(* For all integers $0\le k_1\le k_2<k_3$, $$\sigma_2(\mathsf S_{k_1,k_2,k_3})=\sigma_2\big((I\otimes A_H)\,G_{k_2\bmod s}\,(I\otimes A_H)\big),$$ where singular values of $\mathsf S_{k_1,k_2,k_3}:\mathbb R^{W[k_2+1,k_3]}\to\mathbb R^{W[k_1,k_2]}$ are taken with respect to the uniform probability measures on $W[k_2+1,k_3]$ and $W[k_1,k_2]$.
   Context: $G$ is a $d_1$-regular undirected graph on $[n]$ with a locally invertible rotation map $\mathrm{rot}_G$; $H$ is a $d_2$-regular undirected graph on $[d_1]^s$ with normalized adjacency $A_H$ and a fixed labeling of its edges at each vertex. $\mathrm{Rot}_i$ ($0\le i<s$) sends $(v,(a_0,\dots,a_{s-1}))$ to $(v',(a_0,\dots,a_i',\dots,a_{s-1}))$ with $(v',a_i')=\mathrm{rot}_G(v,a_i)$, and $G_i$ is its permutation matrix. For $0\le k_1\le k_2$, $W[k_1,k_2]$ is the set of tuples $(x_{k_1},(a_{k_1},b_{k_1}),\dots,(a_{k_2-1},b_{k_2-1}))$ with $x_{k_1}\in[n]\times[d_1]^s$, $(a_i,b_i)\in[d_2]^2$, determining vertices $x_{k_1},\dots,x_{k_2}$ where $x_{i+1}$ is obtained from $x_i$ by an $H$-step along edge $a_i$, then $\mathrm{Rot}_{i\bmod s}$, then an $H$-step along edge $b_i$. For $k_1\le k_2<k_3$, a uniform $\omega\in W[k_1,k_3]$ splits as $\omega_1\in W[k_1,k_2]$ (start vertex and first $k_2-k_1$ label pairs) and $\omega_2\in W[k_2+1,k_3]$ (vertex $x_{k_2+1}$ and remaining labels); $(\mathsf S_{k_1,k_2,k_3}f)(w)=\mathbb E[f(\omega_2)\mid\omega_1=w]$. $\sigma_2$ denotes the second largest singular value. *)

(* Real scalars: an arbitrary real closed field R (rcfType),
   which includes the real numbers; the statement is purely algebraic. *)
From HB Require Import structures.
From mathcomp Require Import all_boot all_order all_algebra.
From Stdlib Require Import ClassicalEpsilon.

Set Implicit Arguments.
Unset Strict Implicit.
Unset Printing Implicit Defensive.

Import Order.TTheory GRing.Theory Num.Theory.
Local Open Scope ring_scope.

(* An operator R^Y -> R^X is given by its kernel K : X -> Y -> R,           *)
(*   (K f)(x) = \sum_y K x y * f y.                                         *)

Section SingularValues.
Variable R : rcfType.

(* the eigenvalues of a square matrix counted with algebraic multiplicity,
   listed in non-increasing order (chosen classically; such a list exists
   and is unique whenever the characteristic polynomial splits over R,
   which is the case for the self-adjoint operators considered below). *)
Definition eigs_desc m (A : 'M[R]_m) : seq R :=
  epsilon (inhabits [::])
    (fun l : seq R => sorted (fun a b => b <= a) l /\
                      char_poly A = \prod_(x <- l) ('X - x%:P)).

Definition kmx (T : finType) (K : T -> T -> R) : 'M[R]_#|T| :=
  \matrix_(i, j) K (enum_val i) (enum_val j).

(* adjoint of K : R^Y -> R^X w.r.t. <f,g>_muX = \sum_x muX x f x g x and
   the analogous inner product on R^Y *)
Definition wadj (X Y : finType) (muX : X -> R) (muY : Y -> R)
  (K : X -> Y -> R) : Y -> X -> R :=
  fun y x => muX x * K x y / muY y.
********************
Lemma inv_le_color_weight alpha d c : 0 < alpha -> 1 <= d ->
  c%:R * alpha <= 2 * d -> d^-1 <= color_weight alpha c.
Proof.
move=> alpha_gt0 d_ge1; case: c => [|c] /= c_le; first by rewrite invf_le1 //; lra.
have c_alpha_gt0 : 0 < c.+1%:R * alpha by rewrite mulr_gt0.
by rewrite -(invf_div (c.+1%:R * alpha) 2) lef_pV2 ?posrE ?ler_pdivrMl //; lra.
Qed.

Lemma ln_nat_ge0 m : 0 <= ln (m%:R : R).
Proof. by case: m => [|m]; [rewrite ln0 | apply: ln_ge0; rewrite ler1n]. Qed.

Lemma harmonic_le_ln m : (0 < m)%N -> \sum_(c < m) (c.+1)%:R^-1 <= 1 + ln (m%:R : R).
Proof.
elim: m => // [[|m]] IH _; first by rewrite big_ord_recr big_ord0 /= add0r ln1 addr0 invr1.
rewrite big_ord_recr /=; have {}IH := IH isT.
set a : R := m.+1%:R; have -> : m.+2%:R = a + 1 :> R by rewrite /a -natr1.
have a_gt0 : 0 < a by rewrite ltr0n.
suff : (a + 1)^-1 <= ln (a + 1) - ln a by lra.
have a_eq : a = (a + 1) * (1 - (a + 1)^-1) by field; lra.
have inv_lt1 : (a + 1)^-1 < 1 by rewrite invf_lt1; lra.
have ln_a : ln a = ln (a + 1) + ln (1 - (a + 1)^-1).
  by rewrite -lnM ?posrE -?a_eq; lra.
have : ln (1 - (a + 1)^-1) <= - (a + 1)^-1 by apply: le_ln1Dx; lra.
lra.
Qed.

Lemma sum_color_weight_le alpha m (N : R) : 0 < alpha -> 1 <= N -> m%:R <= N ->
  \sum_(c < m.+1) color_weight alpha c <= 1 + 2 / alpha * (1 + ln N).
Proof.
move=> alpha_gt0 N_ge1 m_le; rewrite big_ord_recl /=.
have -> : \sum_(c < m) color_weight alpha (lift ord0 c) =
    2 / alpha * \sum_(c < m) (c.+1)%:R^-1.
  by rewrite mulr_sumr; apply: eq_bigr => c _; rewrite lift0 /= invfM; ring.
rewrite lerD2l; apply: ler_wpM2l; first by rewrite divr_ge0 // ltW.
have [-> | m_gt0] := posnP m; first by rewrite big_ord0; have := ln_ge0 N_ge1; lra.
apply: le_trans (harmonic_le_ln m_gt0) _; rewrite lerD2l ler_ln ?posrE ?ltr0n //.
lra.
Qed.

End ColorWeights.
********************
§ **Exercise goal**
Could you copy each line in the listing above that includes the word "finType"?

§ **Solved exercise**
Definition kmx (T : finType) (K : T -> T -> R) : 'M[R]_#|T| :=
Definition wadj (X Y : finType) (muX : X -> R) (muY : Y -> R)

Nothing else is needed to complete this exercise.